Others were killed in clashes with security forces or by Israeli air strikes in the Gaza Strip.
The violence has declined in recent weeks, though attacks have continued.
Tel Aviv saw two other major incidents this year.
In March, as US Vice President Joe Biden visited, a Palestinian went on a stabbing spree along the Tel Aviv seafront, killing an American tourist and wounding 12 people.
On January 1, an Arab Israeli killed three people in a rampage in the city.
Analysts say Palestinian frustration with Israeli occupation and settlement-building in the West Bank, the complete lack of progress in peace efforts and their own fractured leadership have fed the unrest.
Israel says incitement by Palestinian leaders and media is a leading cause of the violence.

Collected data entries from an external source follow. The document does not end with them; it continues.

(* Let $G$ be a nonabelian group and let $\psi,\psi'\in\operatorname{End}(G)$ satisfy $\psi([G,G])\le Z(G)$, $\psi'([G,G])\le Z(G)$, and $[\psi(G),\psi'(G)]\subseteq Z(G)$. For $\alpha,\beta\in\mathscr{E}$ define binary operations on $G$ by \[g\circ_\alpha h=g\,\psi_\alpha(g)\,h\,\psi_\alpha(g)^{-1},\qquad g\star_\beta h=g\,\psi'_\beta(g)\,h\,\psi'_\beta(g)^{-1},\] where $\psi_\alpha=\psi\circ\alpha$ and $\psi'_\beta=\psi'\circ\beta$. Then $(G,\circ_\alpha,\star_\beta)$ is a skew left brace.
   Context: $Z(G)$ is the center and $[G,G]$ the commutator subgroup; $[\psi(G),\psi'(G)]$ is the subgroup generated by commutators $xyx^{-1}y^{-1}$ with $x\in\psi(G)$, $y\in\psi'(G)$. $\mathscr{E}$ denotes the set of formal expressions $\alpha=n_1\phi_1+\cdots+n_t\phi_t$ with $t\ge0$, $n_i\in\mathbb Z$, $\phi_i\in\operatorname{End}(G)$ (the free group on $\operatorname{End}(G)$, written additively), acting on $G$ by $\alpha(g)=\phi_1(g^{n_1})\cdots\phi_t(g^{n_t})$. A skew left brace is a triple $(B,\cdot,\circ)$ where $(B,\cdot)$ and $(B,\circ)$ are groups and $a\circ(b\cdot c)=(a\circ b)\cdot a^{-1}\cdot(a\circ c)$ for all $a,b,c\in B$, where $a^{-1}$ is the inverse of $a$ in $(B,\cdot)$. Here $(G,\circ_\alpha)$ plays the role of $(B,\cdot)$ and $(G,\star_\beta)$ the role of $(B,\circ)$. *)

From Stdlib Require Import ZArith List.
Import ListNotations.
Set Implicit Arguments.

Record Grp := {
  carrier :> Type;
  gmul : carrier -> carrier -> carrier;
  gone : carrier;
  ginv : carrier -> carrier;
  gmulA : forall x y z, gmul x (gmul y z) = gmul (gmul x y) z;
  gmul1l : forall x, gmul gone x = x;
  gmul1r : forall x, gmul x gone = x;
  gmulVl : forall x, gmul (ginv x) x = gone;
  gmulVr : forall x, gmul x (ginv x) = gone
}.

Section GroupNotions.
Context {G : Grp}.

Definition is_endo (f : G -> G) : Prop :=
  forall x y : G, f (gmul G x y) = gmul G (f x) (f y).

Definition is_abelian : Prop := forall x y : G, gmul G x y = gmul G y x.
Definition in_center (x : G) : Prop := forall y : G, gmul G x y = gmul G y x.

Definition comm (x y : G) : G :=
  gmul G (gmul G (gmul G x y) (ginv G x)) (ginv G y).

Inductive gen (S : G -> Prop) : G -> Prop :=
| gen_in : forall x, S x -> gen S x
| gen_one : gen S (gone G)
| gen_mul : forall x y, gen S x -> gen S y -> gen S (gmul G x y)
| gen_inv : forall x, gen S x -> gen S (ginv G x).

Definition derived : G -> Prop := gen (fun z => exists x y, z = comm x y).

Definition comm_images (psi psi' : G -> G) : G -> Prop :=
  gen (fun z => exists a b, z = comm (psi a) (psi' b)).

Fixpoint npow (g : G) (n : nat) : G :=
  match n with O => gone G | S m => gmul G g (npow g m) end.
Definition zpow (g : G) (n : Z) : G :=
  match n with
  | Z0 => gone G
  | Zpos p => npow g (Pos.to_nat p)
  | Zneg p => ginv G (npow g (Pos.to_nat p))
  end.

(* formal expressions alpha = n_1 phi_1 + ... + n_t phi_t, phi_i endomorphisms;
   represented by the list [(n_1,phi_1); ...; (n_t,phi_t)] *)
Definition expr_ok (alpha : list (Z * (G -> G))) : Prop :=
  Forall (fun p => is_endo (snd p)) alpha.

Fixpoint expr_act (alpha : list (Z * (G -> G))) (g : G) : G :=
  match alpha with
  | [] => gone G
  | (n, phi) :: rest => gmul G (phi (zpow g n)) (expr_act rest g)
  end.

Definition brace_op (psi : G -> G) (alpha : list (Z * (G -> G))) (g h : G) : G :=
  let k := psi (expr_act alpha g) in
  gmul G (gmul G (gmul G g k) h) (ginv G k).

End GroupNotions.

Record is_group_op (T : Type) (op : T -> T -> T) (e : T) (inv : T -> T) : Prop := {
  op_assoc : forall x y z, op x (op y z) = op (op x y) z;
  op_id_l : forall x, op e x = x;
  op_id_r : forall x, op x e = x;
  op_inv_l : forall x, op (inv x) x = e;
  op_inv_r : forall x, op x (inv x) = e
}.

Definition is_group_law (T : Type) (op : T -> T -> T) : Prop :=
  exists e inv, is_group_op op e inv.

Definition skew_left_brace (T : Type) (dot circ : T -> T -> T) : Prop :=
  exists e inv, is_group_op dot e inv /\ is_group_law circ /\
    forall a b c, circ a (dot b c) = dot (dot (circ a b) (inv a)) (circ a c).

From Stdlib Require Import ZArith List Setoid Morphisms.

(* Both operations have the form g . h = g (k g) h (k g)^-1, with k = psi o alpha
   resp. k = psi' o beta.  Since alpha is a homomorphism modulo [G,G] and psi maps
   [G,G] into the centre, conjugation by k g depends only on the image of g in
   G/[G,G], and g |-> conjugation by k g is a homomorphism G -> Inn G.  This alone
   makes (G, .) a group.  The brace identity then reduces to the two conjugation
   actions commuting, which is the hypothesis [psi(G), psi'(G)] <= Z(G). *)

Section SkewBraces.
Context {G : Grp}.
Local Notation "x ** y" := (gmul G x y) (at level 40, left associativity).
Local Notation "x ^-1" := (ginv G x) (at level 9, format "x ^-1").
Local Notation "1" := (gone G).
Implicit Types x y z a b c d g h k l : G.

Lemma mulKVg x y : x ** (x^-1 ** y) = y.
Proof. rewrite gmulA, gmulVr, gmul1l; reflexivity. Qed.

Lemma mulKg x y : x^-1 ** (x ** y) = y.
Proof. rewrite gmulA, gmulVl, gmul1l; reflexivity. Qed.

Lemma invg_uniq x y : x ** y = 1 -> y = x^-1.
Proof. intro Hxy. rewrite <- (mulKg x y), Hxy, gmul1r. reflexivity. Qed.

Lemma invMg x y : (x ** y)^-1 = y^-1 ** x^-1.
Proof.
  symmetry. apply invg_uniq.
  rewrite <- gmulA, (gmulA _ y), gmulVr, gmul1l, gmulVr. reflexivity.
Qed.

Lemma invgK x : (x^-1)^-1 = x.
Proof. symmetry. apply invg_uniq, gmulVl. Qed.

Lemma invg1 : 1^-1 = 1.
Proof. symmetry. apply invg_uniq, gmul1l. Qed.

Hint Rewrite invMg invgK invg1 mulKVg mulKg gmulVr gmulVl gmul1l gmul1r : grp.
Hint Rewrite <- gmulA : grp.
Ltac gsimpl := autorewrite with grp; try reflexivity.

Lemma endo1 f : is_endo f -> f 1 = 1.
Proof.
  intro Hf. rewrite <- (mulKg (f 1) (f 1)), <- Hf, gmul1l, gmulVl. reflexivity.
Qed.

Lemma endoV f x : is_endo f -> f x^-1 = (f x)^-1.
Proof. intro Hf. apply invg_uniq. rewrite <- Hf, gmulVr. apply endo1, Hf. Qed.

Definition conj k h : G := k ** h ** k^-1.

Lemma conj_mul k a b : conj k (a ** b) = conj k a ** conj k b.
Proof. unfold conj; gsimpl. Qed.

Lemma conj_by_mul k l h : conj (k ** l) h = conj k (conj l h).
Proof. unfold conj; gsimpl. Qed.

Lemma conj_by1 h : conj 1 h = h.
Proof. unfold conj; gsimpl. Qed.

Lemma conj_byKV k h : conj k (conj k^-1 h) = h.
Proof. unfold conj; gsimpl. Qed.

Lemma conj_by_central z k h : in_center z -> conj (z ** k) h = conj k h.
Proof.
  intro Hz. transitivity (z ** conj k h ** z^-1); [unfold conj; gsimpl|].
  rewrite Hz. gsimpl.
Qed.

Lemma conj_by_comm x y h : in_center (comm x y) -> conj x (conj y h) = conj y (conj x h).
Proof.
  intro Hc. rewrite <- !conj_by_mul.
  replace (x ** y) with (comm x y ** (y ** x)) by (unfold comm; gsimpl).
  apply conj_by_central, Hc.
Qed.

Lemma brace_opE psi (al : list (Z * (G -> G))) g h :
  brace_op psi al g h = g ** conj (psi (expr_act al g)) h.
Proof. unfold brace_op, conj. gsimpl. Qed.

Lemma derived_comm a b : derived (comm a b).
Proof. apply gen_in. exists a, b. reflexivity. Qed.

Lemma derived_conj k d : derived d -> derived (conj k d).
Proof.
  induction 1 as [x [a [b ->]]| |x y _ IHx _ IHy|x _ IHx].
  - replace (conj k (comm a b)) with (comm (conj k a) (conj k b))
      by (unfold comm, conj; gsimpl).
    apply derived_comm.
  - replace (conj k 1) with 1 by (unfold conj; gsimpl). apply gen_one.
  - rewrite conj_mul. apply gen_mul; assumption.
  - replace (conj k x^-1) with ((conj k x)^-1) by (unfold conj; gsimpl).
    apply gen_inv, IHx.
Qed.

Lemma derived_endo f d : is_endo f -> derived d -> derived (f d).
Proof.
  intros Hf. induction 1 as [x [a [b ->]]| |x y _ IHx _ IHy|x _ IHx].
  - unfold comm. rewrite !Hf, !(endoV f _ Hf). apply derived_comm.
  - rewrite endo1 by exact Hf. apply gen_one.
  - rewrite Hf. apply gen_mul; assumption.
  - rewrite endoV by exact Hf. apply gen_inv, IHx.
Qed.

Definition eq_mod_derived x y : Prop := derived (x ** y^-1).
Local Infix "≡" := eq_mod_derived (at level 70).

Global Instance eq_mod_derived_equiv : Equivalence eq_mod_derived.
Proof.
  split; unfold eq_mod_derived.
  - intro x. rewrite gmulVr. apply gen_one.
  - intros x y Hxy. replace (y ** x^-1) with ((x ** y^-1)^-1) by gsimpl.
    apply gen_inv, Hxy.
  - intros x y z Hxy Hyz.
    replace (x ** z^-1) with ((x ** y^-1) ** (y ** z^-1)) by gsimpl.
    apply gen_mul; assumption.
Qed.

Global Instance gmul_eq_mod_derived :
  Proper (eq_mod_derived ==> eq_mod_derived ==> eq_mod_derived) (gmul G).
Proof.
  intros x x' Hx y y' Hy. unfold eq_mod_derived in *.
  replace (x ** y ** (x' ** y')^-1) with (conj x (y ** y'^-1) ** (x ** x'^-1))
    by (unfold conj; gsimpl).
  apply gen_mul; [apply derived_conj|]; assumption.
Qed.

Global Instance ginv_eq_mod_derived : Proper (eq_mod_derived ==> eq_mod_derived) (ginv G).
Proof.
  intros x y Hxy. unfold eq_mod_derived in *.
  replace (x^-1 ** y^-1^-1) with (conj x^-1 ((x ** y^-1)^-1)) by (unfold conj; gsimpl).
  apply derived_conj, gen_inv, Hxy.
Qed.

Lemma eq_mod_derived_mulC x y : x ** y ≡ y ** x.
Proof.
  unfold eq_mod_derived.
  replace (x ** y ** (y ** x)^-1) with (comm x y) by (unfold comm; gsimpl).
  apply derived_comm.
Qed.

Lemma eq_mod_derived_mulACA a b c d : a ** b ** (c ** d) ≡ a ** c ** (b ** d).
Proof.
  rewrite <- !gmulA, (gmulA _ b c), (gmulA _ c b), (eq_mod_derived_mulC b c).
  reflexivity.
Qed.

Lemma eq_mod_derived_conj k h : conj k h ≡ h.
Proof. apply derived_comm. Qed.

Lemma conj_by_endo_eq_mod_derived psi x y h :
  is_endo psi -> (forall d, derived d -> in_center (psi d)) ->
  x ≡ y -> conj (psi x) h = conj (psi y) h.
Proof.
  intros Hpsi Hcen Hxy. replace x with ((x ** y^-1) ** y) by gsimpl.
  rewrite Hpsi. apply conj_by_central, Hcen, Hxy.
Qed.

Record hom_mod_derived (f : G -> G) : Prop := {
  hom_mod_derivedM : forall x y, f (x ** y) ≡ f x ** f y;
  hom_mod_derived_proper : Proper (eq_mod_derived ==> eq_mod_derived) f
}.

Lemma hom_mod_derived1 f : hom_mod_derived f -> f 1 ≡ 1.
Proof.
  intros [HfM _].
  assert (Hff : f 1 ≡ f 1 ** f 1) by (rewrite <- HfM, gmul1l; reflexivity).
  rewrite <- (mulKg (f 1) (f 1)), <- Hff, gmulVl. reflexivity.
Qed.

Lemma endo_hom_mod_derived f : is_endo f -> hom_mod_derived f.
Proof.
  intro Hf. split.
  - intros x y. rewrite Hf. reflexivity.
  - intros x y Hxy. unfold eq_mod_derived in *.
    rewrite <- endoV, <- Hf by exact Hf. apply derived_endo; assumption.
Qed.

Lemma hom_mod_derived_comp f f' :
  hom_mod_derived f -> hom_mod_derived f' -> hom_mod_derived (fun g => f (f' g)).
Proof.
  intros [HfM Hf] [Hf'M Hf']. split.
  - intros x y. rewrite (Hf _ _ (Hf'M x y)). apply HfM.
  - intros x y Hxy. apply Hf, Hf', Hxy.
Qed.

Lemma hom_mod_derived_pmul f f' :
  hom_mod_derived f -> hom_mod_derived f' -> hom_mod_derived (fun g => f g ** f' g).
Proof.
  intros [HfM Hf] [Hf'M Hf']. split.
  - intros x y. rewrite HfM, Hf'M. apply eq_mod_derived_mulACA.
  - intros x y Hxy. rewrite (Hf _ _ Hxy), (Hf' _ _ Hxy). reflexivity.
Qed.

Lemma npow_hom_mod_derived n : hom_mod_derived (fun g => npow g n).
Proof.
  split.
  - intros x y. induction n as [|n IHn]; simpl.
    + rewrite gmul1l. reflexivity.
    + rewrite IHn. apply eq_mod_derived_mulACA.
  - intros x y Hxy. induction n as [|n IHn]; simpl.
    + reflexivity.
    + apply gmul_eq_mod_derived; assumption.
Qed.

Lemma zpow_hom_mod_derived n : hom_mod_derived (fun g => zpow g n).
Proof.
  destruct n as [|p|p]; simpl.
  - split; [intros; rewrite gmul1l|intros ? ? ?]; reflexivity.
  - apply npow_hom_mod_derived.
  - destruct (npow_hom_mod_derived (Pos.to_nat p)) as [HM Hp]. split.
    + intros x y. rewrite HM, invMg. apply eq_mod_derived_mulC.
    + intros x y Hxy. rewrite (Hp _ _ Hxy). reflexivity.
Qed.

Lemma expr_act_hom_mod_derived (al : list (Z * (G -> G))) :
  expr_ok al -> hom_mod_derived (expr_act al).
Proof.
  induction 1 as [|[n phi] al Hphi _ IHal]; simpl.
  - split; [intros; rewrite gmul1l|intros ? ? ?]; reflexivity.
  - apply (hom_mod_derived_pmul (fun g => phi (zpow g n))); [|exact IHal].
    apply hom_mod_derived_comp; [apply endo_hom_mod_derived, Hphi|apply zpow_hom_mod_derived].
Qed.

Record conj_hom_ab (k : G -> G) : Prop := {
  conj_homM : forall x y h, conj (k (x ** y)) h = conj (k x) (conj (k y) h);
  conj_hom_derived : forall d h, derived d -> conj (k d) h = h
}.

Lemma endo_comp_conj_hom_ab psi f :
  is_endo psi -> (forall d, derived d -> in_center (psi d)) ->
  hom_mod_derived f -> conj_hom_ab (fun g => psi (f g)).
Proof.
  intros Hpsi Hcen Hf. split.
  - intros x y h.
    rewrite (conj_by_endo_eq_mod_derived _ _ _ _ Hpsi Hcen (hom_mod_derivedM _ Hf x y)), Hpsi.
    apply conj_by_mul.
  - intros d h Hd.
    assert (Hfd : f d ≡ 1).
    { rewrite <- (hom_mod_derived1 _ Hf). apply (hom_mod_derived_proper _ Hf).
      unfold eq_mod_derived. rewrite invg1, gmul1r. exact Hd. }
    rewrite (conj_by_endo_eq_mod_derived _ _ _ _ Hpsi Hcen Hfd), endo1 by exact Hpsi.
    apply conj_by1.
Qed.

Section ConjHom.
Variable k : G -> G.
Hypothesis Hk : conj_hom_ab k.

Lemma conj_hom_eq_mod_derived x y h : x ≡ y -> conj (k x) h = conj (k y) h.
Proof.
  intro Hxy. replace x with ((x ** y^-1) ** y) by gsimpl.
  rewrite (conj_homM _ Hk). apply (conj_hom_derived _ Hk), Hxy.
Qed.

Lemma conj_hom_conj l x h : conj (k (conj l x)) h = conj (k x) h.
Proof. apply conj_hom_eq_mod_derived, eq_mod_derived_conj. Qed.

Lemma conj_hom_comm x y h : conj (k x) (conj (k y) h) = conj (k y) (conj (k x) h).
Proof. rewrite <- !(conj_homM _ Hk). apply conj_hom_eq_mod_derived, eq_mod_derived_mulC. Qed.

Lemma conj_homV x h : conj (k x^-1) h = conj (k x)^-1 h.
Proof.
  rewrite <- (conj_byKV (k x) h) at 1.
  rewrite <- (conj_homM _ Hk), gmulVl. apply (conj_hom_derived _ Hk), gen_one.
Qed.

Lemma conj_hom_group (op : G -> G -> G) :
  (forall g h, op g h = g ** conj (k g) h) ->
  is_group_op op 1 (fun g => conj (k g)^-1 g^-1).
Proof.
  intro opE. split; intros; rewrite ?opE.
  - rewrite conj_mul, (conj_homM _ Hk), conj_hom_conj, gmulA. reflexivity.
  - rewrite (conj_hom_derived _ Hk) by apply gen_one. apply gmul1l.
  - unfold conj; gsimpl.
  - rewrite conj_hom_conj, conj_homV, <- conj_mul, gmulVl. unfold conj; gsimpl.
  - rewrite conj_byKV. apply gmulVr.
Qed.

End ConjHom.

Lemma conj_hom_skew_brace (k m : G -> G) (dot circ : G -> G -> G) :
  conj_hom_ab k -> conj_hom_ab m ->
  (forall g h, dot g h = g ** conj (k g) h) ->
  (forall g h, circ g h = g ** conj (m g) h) ->
  (forall x y h, conj (k x) (conj (m y) h) = conj (m y) (conj (k x) h)) ->
  skew_left_brace dot circ.
Proof.
  intros Hk Hm dotE circE Hkm.
  exists 1, (fun g => conj (k g)^-1 g^-1).
  split; [apply conj_hom_group; assumption|].
  split; [eexists; eexists; apply conj_hom_group; eassumption|].
  intros a b c. rewrite !dotE, !circE.
  set (X := a ** conj (m a) b).
  assert (HX : forall h, conj (k X) h = conj (k a) (conj (k b) h)).
  { intro h. unfold X. rewrite (conj_homM _ Hk), conj_hom_conj by exact Hk. reflexivity. }
  assert (HXa : forall h, conj (k (X ** conj (k X) (conj (k a)^-1 a^-1))) h = conj (k b) h).
  { intro h.
    rewrite (conj_homM _ Hk), !conj_hom_conj, conj_homV, HX, conj_hom_comm, conj_byKV
      by exact Hk.
    reflexivity. }
  rewrite HXa, HX, conj_hom_comm, conj_byKV by exact Hk.
  rewrite <- gmulA, <- conj_mul, mulKg, conj_mul, <- Hkm. unfold X. gsimpl.
Qed.

End SkewBraces.

Theorem theorem3p3 (G : Grp) (nonab : ~ @is_abelian G)
  (psi psi' : G -> G) (Hpsi : is_endo psi) (Hpsi' : is_endo psi')
  (H1 : forall x, derived x -> in_center (psi x))
  (H2 : forall x, derived x -> in_center (psi' x))
  (H3 : forall x, comm_images psi psi' x -> in_center x)
  (alpha beta : list (Z * (G -> G))) (Ha : expr_ok alpha) (Hb : expr_ok beta) :
  skew_left_brace (brace_op psi alpha) (brace_op psi' beta).
Proof.
  apply (conj_hom_skew_brace (fun g => psi (expr_act alpha g))
                             (fun g => psi' (expr_act beta g))).
  - apply endo_comp_conj_hom_ab, expr_act_hom_mod_derived; assumption.
  - apply endo_comp_conj_hom_ab, expr_act_hom_mod_derived; assumption.
  - apply brace_opE.
  - apply brace_opE.
  - intros x y h. apply conj_by_comm, H3, gen_in. eauto.
Qed.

Last week in Paris, representatives from 28 countries, the Arab League, European Union and United Nations met to discuss ways of restarting Israeli-Palestinian peace efforts.
Negotiations have been at a complete standstill since a US-led initiative collapsed in April 2014.

Abbas rejects violence
Palestinian President Mahmoud Abbas’s office said yesterda it rejected violence against civilians after Palestinian gunmen killed four people in Tel Aviv, but stopped short of condemning the attack outright.
The presidency said in a statement it has “rejected repeatedly all operations that affect civilians from whichever party it comes from, and whatever the justifications.”
“Achieving a just peace and creating a positive climate is what will contribute to removing and reducing the causes of tension and violence in this region.”
Abbas has repeatedly called for non-violent resistance to Israeli occupation, but has never condemned a wave of Palestinian knife, gun and car-ramming attacks that began in October.
He has said that the true cause of the violence is Israel’s occupation of the West Bank and continuous settlement building, which Abbas says have robbed young Palestinians of any hope in the future.
Abbas’s rival Hamas, the Islamist movement that runs the Gaza Strip and calls for Israel’s destruction, called the attack a “heroic operation.”